According to the latest figures from the Society of Motor Manufacturers and Traders (SMMT), the UK’s new car market held steady in August this year, dropping only slightly by 1.3% year-on-year to 84,575 units, just 1,082 fewer than in the same month last year.
In terms of power type, sales of petrol and diesel cars in the UK market fell by 10.1% and 7.3% year-on-year respectively in August this year, but these two types of cars together still accounted for 56.8% of total new car sales; registrations of plug-in hybrids fell by 12.3% year-on-year and accounted for a 6.8% share of the UK car market; however, sales of hybrid-electric vehicles (HEVs) rose by 36.1%, accounting for 13.8% of the UK car market.
Meanwhile, registrations of purely electric vehicles in the UK rose by 10.8% year-on-year in August as carmakers offered significant discounts over the summer and a range of new models appealed to buyers came to market, taking their market share to 22.6% – the highest monthly level since December 2022, when purely electric vehicles accounted for 32.9% of all new cars sold.
To date, the market share of purely electric vehicles has risen slightly to 17.2%, plus it is expected to rise further by the end of the year due to the increased choice of electric models.
The Society of British Automobile Manufacturers and Traders forecasts that new car sales in the UK will reach 2 million this year, of which about 364,000 will be pure electric vehicles, accounting for about 18% of the UK’s car market share.
However, despite the fact that pure electric vehicle sales in the UK are set to increase this year, they will still fall short of the 22% market share required by the Zero Emission Vehicle Regulations.
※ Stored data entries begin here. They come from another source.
Lemma integrable_poly_weight s (h : {poly R}) :
  mu.-integrable setT (fun y => (h.[y] * w s y)%:E).
Proof.
exact: (integrable_density (mw s) (mu_E s) (@measurable_poly _ h setT))
  (integrable_poly (moments_fin s) h).
Qed.

Lemma integral_poly_weight s (h : {poly R}) :
  (\int[mu]_y (h.[y] * w s y)%:E = (L s h)%:E)%E.
Proof.
by rewrite (integral_density (mw s) (mu_E s) (@measurable_poly _ h setT)) poly_integralE.
Qed.

Lemma integral_CDkernel_moment n k x :
  (\int[mu]_y (CDkernel P A w i n x y * y ^+ k * CDkernel P A w i n y x)%:E
  = (\sum_(l < n) \sum_(l' < n)
        qseq A w i l x * hesspow J k l l' * (pseq P i l').[x])%R%:E)%E.
Proof.
under eq_integral do rewrite CDkernel_productE -sumEFin.
rewrite integral_sum //; last by move=> s; exact: integrable_poly_weight.
rewrite (eq_bigr _ (fun s _ => integral_poly_weight s _)) sumEFin; congr EFin.
have L_lin s (c : 'I_n -> 'I_n -> R) (F : 'I_n -> 'I_n -> {poly R}) :
    L s (\sum_(j < n) \sum_(l < n) c j l *: F j l) =
    \sum_(j < n) \sum_(l < n) c j l * L s (F j l).
  rewrite (poly_integral_sum (moments_fin s)); apply: eq_bigr => j _.
  rewrite (poly_integral_sum (moments_fin s)); apply: eq_bigr => l _.
  exact: poly_integralZ.
under eq_bigr do rewrite L_lin.
rewrite exchange_big /= [RHS]exchange_big; apply: eq_bigr => l' _.
rewrite exchange_big; apply: eq_bigr => l _.
by rewrite -mulr_sumr biorthogonality_Xpow; ring.
Qed.
End multiple_orthogonality.

Local Close Scope classical_set_scope.

Theorem lemma1 (R : realType) (r : nat)
  (mu_ : 'I_r -> {measure set R -> \bar R})
  (mu : {measure set R -> \bar R})
  (w : 'I_r -> R -> R)
  (P : ('I_r -> nat) -> {poly R})
  (A : ('I_r -> nat) -> 'I_r -> {poly R})
  (i : nat -> 'I_r)
  (J : nat -> nat -> R)
  (n k : nat) (x : R) :
  (0 < r)%N ->
  (* all moments of each mu_j are finite *)
  (forall (j : 'I_r) (m : nat), (\int[mu_ j]_y (`|y| ^+ m)%:E < +oo)%E) ->
  (* type II polynomials (perfect system): P_n monic of degree |n| *)
  (forall nv : 'I_r -> nat,
      P nv \is monic /\ size (P nv) = (mnorm nv).+1 /\
      (forall (j : 'I_r) (m : nat), (m < nv j)%N ->
          (\int[mu_ j]_y (y ^+ m * (P nv).[y])%:E = 0)%E)) ->
  (* type I polynomials *)
  (forall nv : 'I_r -> nat,
      (forall j : 'I_r, (size (A nv j) <= nv j)%N) /\
      (forall m : nat, (m < mnorm nv)%N ->
          (\sum_(j < r) \int[mu_ j]_y (y ^+ m * (A nv j).[y])%:E)%E
            = (((m.+1 == mnorm nv)%:R : R)%:E))) ->
  (* mu_j << mu with Radon-Nikodym derivative w_j = d mu_j / d mu *)
  (forall j : 'I_r, measurable_fun setT (w j)) ->
  (forall (j : 'I_r) (E : set R), measurable E ->
      (mu_ j E = \int[mu]_(y in E) (w j y)%:E)%E) ->
  (* J is the (lower Hessenberg) recurrence matrix: x p_l = sum_{m<=l+1} J_{l,m} p_m *)
  (forall l : nat, 'X * pseq P i l = \sum_(m < l.+2) J l m *: pseq P i m) ->
  (forall l m : nat, (l.+1 < m)%N -> J l m = 0) ->
  (0 < n)%N ->
  (\int[mu]_y (CDkernel P A w i n x y * y ^+ k * CDkernel P A w i n y x)%:E
  = (\sum_(l < n) \sum_(l' < n)
        qseq A w i l x * hesspow J k l l' * (pseq P i l').[x])%R%:E)%E.
Proof.
move=> _ moments_fin typeII typeI mw mu_E J_rec _ _.
have P_monic nv := (typeII nv).1.
have P_size nv := (typeII nv).2.1.
have P_orth nv := (typeII nv).2.2.
have A_size nv := (typeI nv).1.
have A_normal nv := (typeI nv).2.
exact: integral_CDkernel_moment.
Qed.
Lemma fin_dim_lspan s : fin_dim (lspan s).
Proof. by have [b Hb [Ebs _]] := rk_basis s; exists (size b), b; rewrite -Ebs. Qed.

Lemma rk_le s t : (forall x, x \in s -> lspan t x) -> (rk s <= rk t)%nat.
Proof.
move=> Hst; have [bs Hbs [Es ->]] := rk_basis s; have [bt Hbt [Et ->]] := rk_basis t.
apply: free_seq_leq_size => // x /lspan_mem; rewrite Es Et; exact: lspan_subset.
Qed.

Lemma rk_size s : (rk s <= size s)%nat.
Proof.
have [b Hb [Eb ->]] := rk_basis s.
by apply: free_seq_leq_size => // x /lspan_mem; rewrite Eb.
Qed.

Lemma rk_cat s t : (rk (s ++ t) <= rk s + rk t)%nat.
Proof.
have [bs Hbs [Es ->]] := rk_basis s; have [bt Hbt [Et ->]] := rk_basis t.
rewrite -size_cat; apply: leq_trans (rk_size _); apply: rk_le => x.
rewrite mem_cat => /orP[|] /lspan_mem; rewrite -?Es -?Et.
  exact: lspan_catl.
exact: lspan_catr.
Qed.

End Dimension.

Section Bilinear.
Variables (K : fieldType) (A : lmodType K) (mul : A -> A -> A).
Hypothesis mulDl : forall x y z, mul (x + y) z = mul x z + mul y z.
Hypothesis mulDr : forall x y z, mul x (y + z) = mul x y + mul x z.
Hypothesis mulZl : forall (a : K) x y, mul (a *: x) y = a *: mul x y.
Hypothesis mulZr : forall (a : K) x y, mul x (a *: y) = a *: mul x y.
Implicit Types (s v w z : seq A).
If automakers fail to meet the regulations, they may face hefty fines.
As a result, in the run-up to October 30th, the Society of British Automobile Manufacturers and Traders is calling for, “We need to take urgent action to boost the UK electric vehicle market. For example, increasing the number of public charging posts to match industry’s mandatory targets; reintroducing incentives for individual buyers; and removing unfavorable measures such as Vehicle Excise Duty (VED) and Extra Service Charges for expensive cars, which are due to be introduced in 2025.”